(When numbers are not sourced, they come from the latest Bain & Co report on luxury). 

China: The end of an era, the start of a new one

Luxury consumption in China is re-emerging, albeit unevenly. Several surveys show a shift toward more discreet luxury, away from the ostentatious logos that dominated in recent years. This trend is paired with rising local competition, challenging international brands. (see this topic: an article discussing this dynamic and Bernard Arnault's shopping in China). The Chinese luxury market has fallen sharply this year (about -7%), but should stabilize next year.

Europe: luxury tourism losing momentum

Europe, traditionally the epicenter of luxury shopping, is losing some of its sheen. The weakness of the dollar has tempered American tourist demand, who previously enjoyed an attractive price differential there. Europe's luxury chief at JPMorgan notes a price gap that shifted from 26% to 20% for Americans compared to summer 2024.

United States: A welcome resilience

Resilience of luxury on American soil is welcome for a sector that could not rely on Europe or China this year. A market that could become the top luxury market in value next year if tariff impact, and thus inflation, remains limited.

In any case, it is wealthier Americans - sheltered from inflationary pressure - and the strength of stockmarkets that have contributed to the current positive momentum. The wealth effect caused by strong market performance often translates into higher luxury spending. Take Ferragamo sales in the US as an illustration: the group posted a 3.3% drop in Q2, but recovered 15.6% in Q3. Generally, all sector players posted solid performances on the continent this quarter, and the momentum is expected to continue.

Middle East: a pillar in the making

And finally, the most promising and least exploited region of all, the Middle East. Dubai and Abu Dhabi lead the way due to their strong tourist appeal. The region does not emerge as a new alternative but as a genuine potential pillar. But beware of future vulnerabilities in case of regional tensions, since luxury tourism chiefly underpins this dynamic.

(Data expressed in billions of euros, at constant exchange rates, and come from the recent Bain & Co luxury report)

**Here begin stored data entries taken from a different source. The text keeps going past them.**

Lemma lift_inord_pred p (a b : 'I_p.+2) : (a < b)%N -> lift a (inord b.-1 : 'I_p.+1) = b.
Proof.
move=> ab; have hb := ltn_ord b; apply: val_inj => /=.
by rewrite inordK /bump; lia.
Qed.

Lemma lift_inord_lt p (a b : 'I_p.+2) : (a < b)%N -> lift b (inord a : 'I_p.+1) = a.
Proof.
move=> ab; have hb := ltn_ord b; apply: val_inj => /=.
by rewrite inordK /bump; lia.
Qed.

Lemma ind_lift_coord p (a : 'I_p.+2) z j : ind (lift a) z 0 (lift a j) = z 0 j.
Proof.
rewrite /ind mxE -(sum_mul_delta (fun i => z 0 i) j); apply: eq_bigr => i _.
by rewrite !mxE (inj_eq (@lift_inj _ a)).
Qed.

Lemma ind_lift_coord_at p (a : 'I_p.+2) z : ind (lift a) z 0 a = 0.
Proof.
rewrite /ind mxE big1 // => i _.
by rewrite !mxE eq_sym (negbTE (neq_lift a i)) mulr0.
Qed.

Lemma ind_liftK p (a : 'I_p.+2) : cancel (ind (lift a)) (drop_coord a).
Proof. by move=> z; apply/rowP => m; rewrite drop_coordE ind_lift_coord. Qed.

Lemma drop_coordK p (a : 'I_p.+2) (x : vec p.+2) :
  x 0 a = 0 -> ind (lift a) (drop_coord a x) = x.
Proof.
move=> xa; apply/rowP => l; case: (unliftP a l) => [j ->|->].
  by rewrite ind_lift_coord drop_coordE.
by rewrite ind_lift_coord_at xa.
Qed.

Lemma drop_coord_Delta p (a : 'I_p.+2) (x : vec p.+2) :
  facet a x -> Delta p (drop_coord a x).
Proof.
move=> hx; have xa := facet_coord hx; case: hx => [/DeltaE [x0 x1] _].
apply/DeltaE; split => [m|]; first by rewrite drop_coordE.
move: x1; rewrite (bigD1_ord a) //= xa add0r => <-.
by apply: eq_bigr => m _; rewrite drop_coordE.
Qed.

Luxury remains a fundamentally resilient sector, but its geography, like its sociology, is evolving. More generally, consulting firms and major banks agree that consumption is likely to be more restrained than in recent years, consumers are more oriented toward experiences, and what is called "affordable luxury". In a world where the perception of exclusivity is changing, it is impossible to ignore brands with strong identity but a much lower entry price than the mega-players. Recent stockmarket performances of Ralph Lauren, Tapestry, and Arc'teryx (Amer Sports) attest to this, to name but a few.

After a worrying H1, the sector has improved and prevents a downturn this year. For the second consecutive year, the market should remain broadly flat. However, 2026 is expected to mark an end to the stagnation, with a projected 3 to 5% growth. It remains to be seen how much these prospects are reflected in stock prices, as sector leaders have seen their market capitalizations rebound in recent months.